Start of Data extracts
(* Every graph admits a Helly EPG representation.
   Context: A grid is the set of integer points of the plane; a grid edge joins two grid points at distance $1$. A path in the grid is a sequence of distinct grid edges in which consecutive edges share exactly one grid point and non-consecutive edges share none. An EPG representation of a graph $G$ is a family $(P_v)_{v\in V(G)}$ of grid paths such that distinct $u,v$ are adjacent iff $P_u,P_v$ share a grid edge. It is Helly if every subfamily of pairwise edge-intersecting paths has a grid edge common to all its members. *)

From mathcomp Require Import all_boot all_order all_algebra.
Set Implicit Arguments. Unset Strict Implicit. Unset Printing Implicit Defensive.
Import GRing.Theory Num.Theory.
Local Open Scope ring_scope.

Definition gpoint := (int * int)%type.

(* A grid edge (an unordered pair of grid points at distance 1) is encoded
   canonically by its lower-left endpoint p and a direction flag:
   (p, false) is the horizontal edge {p, p + (1,0)},
   (p, true)  is the vertical edge   {p, p + (0,1)}. *)
Definition gedge := (gpoint * bool)%type.

Definition gends (e : gedge) : seq gpoint :=
  let: (p, vert) := e in
  [:: p; if vert then (p.1, p.2 + 1) else (p.1 + 1, p.2)].

Definition nshared (e f : gedge) : nat :=
  count (fun x => x \in gends f) (gends e).

Definition grid_path (s : seq gedge) : Prop :=
  s != [::] /\ uniq s /\
  forall i j : nat, (i < j < size s)%N ->
    nshared (nth (0, 0, false) s i) (nth (0, 0, false) s j)
      = (if j == i.+1 then 1%N else 0%N).

Definition EPG_representation (V : finType) (adj : rel V)
    (P : V -> seq gedge) : Prop :=
  (forall v, grid_path (P v)) /\
  (forall u v, u != v -> (adj u v <-> exists g, g \in P u /\ g \in P v)).

Definition Helly (V : finType) (P : V -> seq gedge) : Prop :=
  forall S : {set V},
    (forall u v, u \in S -> v \in S -> exists g, g \in P u /\ g \in P v) ->
    exists g, forall v, v \in S -> g \in P v.

From mathcomp Require Import all_boot all_order all_algebra zify.
Import Order.TTheory GRing.Theory Num.Theory.
Local Open Scope ring_scope.

(* Enumerate all vertex sets S_0, S_1, ... The path of the vertex of rank i
   runs from left to right along row i, except that for every clique S_c
   containing the vertex it detours through the column pair 2c, 2c+1 down to
   row -1, crossing the edge of row -1 between columns 2c and 2c+1.  An edge of
   this path lies either on row i or on the detour of a clique containing the
   vertex, so two paths share an edge iff their vertices lie in a common
   clique, i.e. are adjacent; and pairwise edge-intersecting paths come from a
   clique S_c, all of whose paths contain the detour edge of column 2c.
   Detours go down in even columns and up in odd ones, so the points of a path
   increase strictly in the lexicographic order on (x, (-1)^(x+1) y): paths
   are simple. *)

Definition grid_adj (p q : gpoint) : bool :=
  [|| q == (p.1 + 1, p.2), q == (p.1, p.2 + 1),
      p == (q.1 + 1, q.2) | p == (q.1, q.2 + 1)].

Definition edge_of (p q : gpoint) : gedge :=
  if q == (p.1 + 1, p.2) then (p, false)
  else if q == (p.1, p.2 + 1) then (p, true)
  else if p == (q.1 + 1, q.2) then (q, false)
  else (q, true).

Lemma gends_edge_of p q : grid_adj p q -> perm_eq (gends (edge_of p q)) [:: p; q].
Proof.
rewrite /grid_adj /edge_of.
case: eqP => [-> _ | _]; first by [].
case: eqP => [-> _ | _]; first by [].
by case: eqP => [-> _ | _ /= /eqP ->]; rewrite /= -cat1s perm_catC.
Qed.

Lemma nshared_edge_of p q r s : grid_adj p q -> grid_adj r s ->
  nshared (edge_of p q) (edge_of r s) = ((p \in [:: r; s]) + (q \in [:: r; s]))%N.
Proof.
move=> /gends_edge_of Epq /gends_edge_of Ers.
by rewrite /nshared (permP Epq) /= addn0 !(perm_mem Ers).
Qed.

Section GridWalk.
Variables (x : gpoint) (s : seq gpoint).
Hypotheses (uniq_walk : uniq (x :: s)) (walk : path grid_adj x s).

Let e0 : gedge := (0, 0, false).

Lemma nshared_walk i j : (i < size s)%N -> (j < size s)%N ->
  nshared (nth e0 (pairmap edge_of x s) i) (nth e0 (pairmap edge_of x s) j) =
  (((i == j) || (i == j.+1)) + ((i.+1 == j) || (i == j)))%N.
Proof.
move=> ilt jlt; have /(pathP x) step := walk.
rewrite !(nth_pairmap x) // nshared_edge_of ?step // !inE.
change (nth x s i) with (nth x (x :: s) i.+1).
change (nth x s j) with (nth x (x :: s) j.+1).
by rewrite !(nth_uniq x _ _ uniq_walk) //= ltnW.
Qed.

Lemma grid_path_walk : s != [::] -> grid_path (pairmap edge_of x s).
Proof.
move=> s_nil; rewrite /grid_path; split; first by rewrite -size_eq0 size_pairmap size_eq0.
rewrite size_pairmap; split=> [|i j /andP [ij jlt]].
- apply/(uniqP e0) => i j; rewrite !inE size_pairmap => ilt jlt eq_ij.
  by have := nshared_walk i j ilt jlt; rewrite eq_ij nshared_walk // eqxx; lia.
- rewrite nshared_walk //; last exact: ltn_trans jlt.
  by case: (eqVneq j i.+1) => [-> | ne] /=; lia.
Qed.

End GridWalk.

Definition snake (p : gpoint) : int *l int :=
  (p.1, if odd (absz p.1) then p.2 else - p.2).

Definition snake_lt : rel gpoint := fun p q => (snake p < snake q)%O.

Lemma snake_walk_uniq x s : path snake_lt x s -> uniq (x :: s).
Proof.
apply: (@sorted_uniq _ snake_lt _ _ (x :: s)) => [q p r | p]; [exact: lt_trans | exact: ltxx].
Qed.

Fixpoint column (X y d : int) (n : nat) : seq gpoint :=
  if n is n'.+1 then (X, y + d) :: column X (y + d) d n' else [::].

Lemma column_path {e : rel gpoint} {X d : int} :
  (forall y, e (X, y) (X, y + d)) -> forall y n,
  path e (X, y) (column X y d n) /\ last (X, y) (column X y d n) = (X, y + d *+ n).
Proof.
move=> step y n; elim: n y => [|n IH] y /=; first by rewrite addr0.
by have [walk ->] := IH (y + d); rewrite step walk mulrS addrA.
Qed.

Section Lane.
Variables (row : nat) (dips : pred nat).

Definition lane_edge (g : gedge) : bool :=
  (~~ g.2 && (g.1.2 == Posz row)) || (dips (absz g.1.1)./2 && (g.2 || (g.1.2 == -1))).

Definition lane_step (p q : gpoint) : bool :=
  [&& grid_adj p q, snake_lt p q & lane_edge (edge_of p q)].

Lemma lane_step_right (m : nat) (y : int) : (y == Posz row) || (dips m./2 && (y == -1)) ->
  lane_step (Posz m, y) (Posz m.+1, y).
Proof.
move=> on_lane; rewrite -addn1 PoszD /lane_step /grid_adj /edge_of /snake_lt !eqxx /=.
by rewrite /lane_edge /= on_lane ltEprodlexi /= andbT; lia.
Qed.

Lemma lane_step_down c y : dips c -> lane_step (Posz c.*2, y) (Posz c.*2, y - 1).
Proof.
move=> dip_c; rewrite /lane_step /grid_adj /edge_of /snake_lt !xpair_eqE /=.
have -> : (Posz c.*2 == Posz c.*2 + 1) = false by lia.
have -> : (y - 1 == y + 1) = false by lia.
rewrite subrK !eqxx /= /lane_edge /= doubleK dip_c ltEprodlexi /= odd_double; lia.
Qed.

Lemma lane_step_up c y : dips c -> lane_step (Posz c.*2.+1, y) (Posz c.*2.+1, y + 1).
Proof.
move=> dip_c; rewrite /lane_step /grid_adj /edge_of /snake_lt !xpair_eqE /=.
have -> : (Posz c.*2.+1 == Posz c.*2.+1 + 1) = false by lia.
rewrite !eqxx /= /lane_edge /= uphalf_double dip_c ltEprodlexi /= odd_double /=; lia.
Qed.

Lemma descent_path c : dips c ->
  path lane_step (Posz c.*2, Posz row) (column c.*2 row (-1) row.+1) /\
  last (Posz c.*2, Posz row) (column c.*2 row (-1) row.+1) = (Posz c.*2, -1).
Proof.
move=> dip_c; have [walk ->] := column_path (lane_step_down c ^~ dip_c) row row.+1.
by split=> //; congr (_, _); lia.
Qed.

Lemma ascent_path c : dips c ->
  path lane_step (Posz c.*2.+1, -1) (column c.*2.+1 (-1) 1 row.+1) /\
  last (Posz c.*2.+1, -1) (column c.*2.+1 (-1) 1 row.+1) = (Posz c.*2.+1, Posz row).
Proof.
move=> dip_c; have [walk ->] := column_path (lane_step_up c ^~ dip_c) (-1) row.+1.
by split=> //; congr (_, _); lia.
Qed.

Definition block (c : nat) : seq gpoint :=
  if dips c then
    column c.*2 row (-1) row.+1 ++
      (Posz c.*2.+1, -1) :: column c.*2.+1 (-1) 1 row.+1 ++ [:: (Posz (c.+1).*2, Posz row)]
  else [:: (Posz c.*2.+1, Posz row); (Posz (c.+1).*2, Posz row)].

Lemma block_path c :
  path lane_step (Posz c.*2, Posz row) (block c) /\
  last (Posz c.*2, Posz row) (block c) = (Posz (c.+1).*2, Posz row).
Proof.
have right_on_row : lane_step (Posz c.*2.+1, Posz row) (Posz (c.+1).*2, Posz row).
  by apply: lane_step_right; rewrite eqxx.
rewrite /block; case: ifP => dip_c; last first.
  rewrite /= right_on_row !andbT; split=> //.
  by apply: lane_step_right; rewrite eqxx.
have [down_path down_last] := descent_path c dip_c.
have [up_path up_last] := ascent_path c dip_c.
set D := column c.*2 _ _ _ in down_path down_last *.
set U := column c.*2.+1 _ _ _ in up_path up_last *.
clearbody D U; split; last by rewrite last_cat last_cons last_cat.
rewrite cat_path down_path down_last /= cat_path up_path up_last /= right_on_row !andbT.
by apply: lane_step_right; rewrite doubleK dip_c eqxx orbT.
Qed.

Lemma block_dip_edge c z : dips c -> (Posz c.*2, -1, false) \in pairmap edge_of z (block c).
Proof.
move=> dip_c; rewrite /block dip_c pairmap_cat mem_cat; apply/orP; right.
have [_ down_last] := descent_path c dip_c.
(* the column is nonempty, so its [last] does not depend on the default point *)
have -> : last z (column c.*2 row (-1) row.+1) = (Posz c.*2, -1) by rewrite -down_last.
by rewrite /= /edge_of -addn1 PoszD eqxx inE eqxx.
Qed.

Fixpoint lane_from (k n : nat) : seq gpoint :=
  if n is n'.+1 then block k ++ lane_from k.+1 n' else [::].

Lemma lane_from_path k n : path lane_step (Posz k.*2, Posz row) (lane_from k n).
Proof.
elim: n k => [|n IH] k //=; have [block_walk block_last] := block_path k.
by rewrite cat_path block_walk block_last IH.
Qed.

Lemma lane_from_dip_edge k n c z : (k <= c < k + n)%N -> dips c ->
  (Posz c.*2, -1, false) \in pairmap edge_of z (lane_from k n).
Proof.
elim: n k z => [|n IH] k z; first by rewrite addn0; lia.
move=> c_range dip_c; rewrite /= pairmap_cat mem_cat.
have [k_c | k_c] := eqVneq k c; first by subst k; apply/orP; left; exact: block_dip_edge.
by apply/orP; right; apply: IH => //; lia.
Qed.

Definition lane_edges (n : nat) : seq gedge := pairmap edge_of (0, Posz row) (lane_from 0 n).

Lemma lane_edges_grid_path n : (0 < n)%N -> grid_path (lane_edges n).
Proof.
case: n => // n _; have walk := lane_from_path 0 n.+1.
apply: grid_path_walk.
- by apply: snake_walk_uniq; apply: sub_path walk => p q /and3P [].
- by apply: sub_path walk => p q /and3P [].
- by rewrite /= /block; case: (dips 0).
Qed.

Lemma lane_edgesP n g : g \in lane_edges n -> lane_edge g.
Proof.
move: g; apply/allP; move: (lane_from_path 0 n); rewrite /lane_edges.
by elim: (lane_from 0 n) (0, Posz row) => //= q s IH p /andP [/and3P [_ _ ->] /IH].
Qed.

Lemma lane_edges_dip c n : (c < n)%N -> dips c -> (Posz c.*2, -1, false) \in lane_edges n.
Proof. by move=> c_n; apply: lane_from_dip_edge; rewrite add0n. Qed.

End Lane.

Section Representation.
Context {V : finType} (adj : rel V).

Definition clique (S : {set V}) : bool :=
  [forall u in S, forall v in S, (u != v) ==> adj u v].

Lemma cliqueP (S : {set V}) : reflect {in S &, forall u v, u != v -> adj u v} (clique S).
Proof.
apply: (iffP forall_inP) => [cl u v uS vS | cl u uS].
  by move/forall_inP/(_ v vS)/implyP: (cl u uS).
by apply/forall_inP => v vS; apply/implyP; exact: cl.
Qed.

Definition dips_of (v : V) : pred nat :=
  fun c => let S := nth set0 (enum {set V}) c in (v \in S) && clique S.

Definition rep (v : V) : seq gedge := lane_edges (enum_rank v) (dips_of v) #|{set V}|.

Lemma rep_grid_path v : grid_path (rep v).
Proof. by apply: lane_edges_grid_path; apply/card_gt0P; exists set0. Qed.

Definition clique_edge (S : {set V}) : gedge := (Posz (index S (enum {set V})).*2, -1, false).

Lemma clique_rep_edge S v : clique S -> v \in S -> clique_edge S \in rep v.
Proof.
move=> cl vS; apply: lane_edges_dip; first by rewrite cardE index_mem mem_enum.
by rewrite /dips_of nth_index ?mem_enum // vS cl.
Qed.

Lemma rep_shared_adj u v g : u != v -> g \in rep u -> g \in rep v -> adj u v.
Proof.
move=> uv /lane_edgesP /orP [] /andP [gu1 gu2] /lane_edgesP /orP [] /andP [gv1 gv2].
- move: uv; rewrite -(inj_eq enum_rank_inj) -(inj_eq val_inj) /=.
  by rewrite -eqz_nat -(eqP gu2) (eqP gv2) eqxx.
- by move: gv2; rewrite (negbTE gu1) /= (eqP gu2).
- by move: gu2; rewrite (negbTE gv1) /= (eqP gv2).
- case/andP: gu1 => uS /cliqueP cl; case/andP: gv1 => vS _.
  exact: cl.
Qed.

Lemma rep_pairwise_clique (S : {set V}) :
  {in S &, forall u v, exists g, g \in rep u /\ g \in rep v} -> clique S.
Proof.
move=> shared; apply/cliqueP => u v uS vS uv.
by have [g [gu gv]] := shared u v uS vS; exact: rep_shared_adj gu gv.
Qed.

Lemma clique2 u v : symmetric adj -> adj u v -> clique [set u; v].
Proof.
move=> adjC adj_uv; apply/cliqueP => x y; rewrite !inE.
by do 2!case/orP=> /eqP->; rewrite ?eqxx // adjC.
Qed.

End Representation.

Theorem lemma2p2 (V : finType) (adj : rel V) :
  symmetric adj -> irreflexive adj ->
  exists P : V -> seq gedge, EPG_representation adj P /\ Helly P.
Proof.
move=> adjC _; exists (rep adj); split; first split.
- exact: rep_grid_path.
- move=> u v uv; split=> [adj_uv | [g [gu gv]]]; last exact: rep_shared_adj gu gv.
  have cl : clique adj [set u; v] by exact: clique2.
  by exists (clique_edge [set u; v]); split; apply: clique_rep_edge; rewrite // !inE eqxx ?orbT.
- move=> S /rep_pairwise_clique cl.
  by exists (clique_edge S) => v; exact: clique_rep_edge.
Qed.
End of Data extracts
## Exercise
The expected output is the exact run of lines from the start of the entries through the line with "Import GRing.Theory Num.Theory.", inclusive.

## Task solution
(* Every graph admits a Helly EPG representation.
   Context: A grid is the set of integer points of the plane; a grid edge joins two grid points at distance $1$. A path in the grid is a sequence of distinct grid edges in which consecutive edges share exactly one grid point and non-consecutive edges share none. An EPG representation of a graph $G$ is a family $(P_v)_{v\in V(G)}$ of grid paths such that distinct $u,v$ are adjacent iff $P_u,P_v$ share a grid edge. It is Helly if every subfamily of pairwise edge-intersecting paths has a grid edge common to all its members. *)

From mathcomp Require Import all_boot all_order all_algebra.
Set Implicit Arguments. Unset Strict Implicit. Unset Printing Implicit Defensive.
Import GRing.Theory Num.Theory.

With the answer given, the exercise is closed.